→ **STORED DATA**:

################

(* v(., lambda) is a nontrivial solution of lambda v - (a v')' = 0, v(0)=0, a = q^{-2},
   in the usual sense: with the flux w = a v' (continuous), v(x) = int_0^x q^2 w and
   w(x) = w(0) + lambda int_0^x v, for every lambda >= 0. *)
Definition is_v (q : R -> R) (v : R -> R -> R) : Prop :=
  forall lam, 0 <= lam ->
    v 0 lam = 0 /\
    (exists x, 0 <= x <= 1 /\ v x lam <> 0) /\
    exists w : R -> R, forall x, 0 <= x <= 1 ->
      is_RInt (fun s => q s ^ 2 * w s) 0 x (v x lam) /\
      exists I, is_RInt (fun s => v s lam) 0 x I /\ w x = w 0 + lam * I.

(* If [h] is not a.e. zero, take the last interval [(a, b)] on which [h] is a nonzero constant
   [C], with [h = 0] a.e. after [b].  The weights [f = psi1 psi2], resp. [f = w1 w2] (where
   [v_j' = +-q_j^2 w_j] with the fluxes [w_j]), are positive and nondecreasing, and across any
   [c < d] they grow by a factor [1 + r (d - c)^2] with a rate [r] proportional to [k^2].
   Splitting [int h f = 0] at [c < d] inside [(a, b)], the part over [(0, c)] is at most
   [sup |h| f(c)] while the part over [(d, b)] is at least [(b - d) |C| f(d)], so
   [(b - d) |C| (1 + r (d - c)^2) <= sup |h|] for every [k], which is absurd.  Positivity and
   growth of the weights follow from their integral equations by a bootstrap over steps of a
   fixed length. *)

From Stdlib Require Import Reals List Lra Lia Psatz Classical.
From Coquelicot Require Import Coquelicot.
Open Scope R_scope.

(* Coquelicot's lemmas for a general normed module, restated with the operations of [R] so that
   they rewrite and combine with [lra]. *)
Lemma RInt_Chasles_R (f : R -> R) a b c :
  ex_RInt f a b -> ex_RInt f b c -> RInt f a b + RInt f b c = RInt f a c.
Proof. exact (RInt_Chasles f a b c). Qed.

Lemma is_RInt_unique_R (f : R -> R) a b (l : R) : is_RInt f a b l -> RInt f a b = l.
Proof. exact (is_RInt_unique f a b l). Qed.

Lemma is_RInt_scal_R (f : R -> R) a b (C I : R) :
  is_RInt f a b I -> is_RInt (fun x => C * f x) a b (C * I).
Proof. exact (is_RInt_scal f a b C I). Qed.

Lemma is_RInt_opp_R (f : R -> R) a b (I : R) :
  is_RInt f a b I -> is_RInt (fun x => - f x) a b (- I).
Proof. exact (is_RInt_opp f a b I). Qed.

Lemma ex_RInt_sub (f : R -> R) a b c d :
  a <= c -> c <= d -> d <= b -> ex_RInt f a b -> ex_RInt f c d.
Proof.
  intros Hac Hcd Hdb Hf.
  apply (ex_RInt_Chasles_2 f a c d); [lra|].
  apply (ex_RInt_Chasles_1 f a d b); [lra|exact Hf].
Qed.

################

→ **TASK BRIEF**:
Using the data above, print exactly the lines from the line that contains "[(b - d) |C| (1 + r" through the line that contains "intros Hac Hcd Hdb Hf.", with both included.

→ **TASK RESULT**:
   [(b - d) |C| (1 + r (d - c)^2) <= sup |h|] for every [k], which is absurd.  Positivity and
   growth of the weights follow from their integral equations by a bootstrap over steps of a
   fixed length. *)

From Stdlib Require Import Reals List Lra Lia Psatz Classical.
From Coquelicot Require Import Coquelicot.
Open Scope R_scope.

(* Coquelicot's lemmas for a general normed module, restated with the operations of [R] so that
   they rewrite and combine with [lra]. *)
Lemma RInt_Chasles_R (f : R -> R) a b c :
  ex_RInt f a b -> ex_RInt f b c -> RInt f a b + RInt f b c = RInt f a c.
Proof. exact (RInt_Chasles f a b c). Qed.

Lemma is_RInt_unique_R (f : R -> R) a b (l : R) : is_RInt f a b l -> RInt f a b = l.
Proof. exact (is_RInt_unique f a b l). Qed.

Lemma is_RInt_scal_R (f : R -> R) a b (C I : R) :
  is_RInt f a b I -> is_RInt (fun x => C * f x) a b (C * I).
Proof. exact (is_RInt_scal f a b C I). Qed.

Lemma is_RInt_opp_R (f : R -> R) a b (I : R) :
  is_RInt f a b I -> is_RInt (fun x => - f x) a b (- I).
Proof. exact (is_RInt_opp f a b I). Qed.

Lemma ex_RInt_sub (f : R -> R) a b c d :
  a <= c -> c <= d -> d <= b -> ex_RInt f a b -> ex_RInt f c d.
Proof.
  intros Hac Hcd Hdb Hf.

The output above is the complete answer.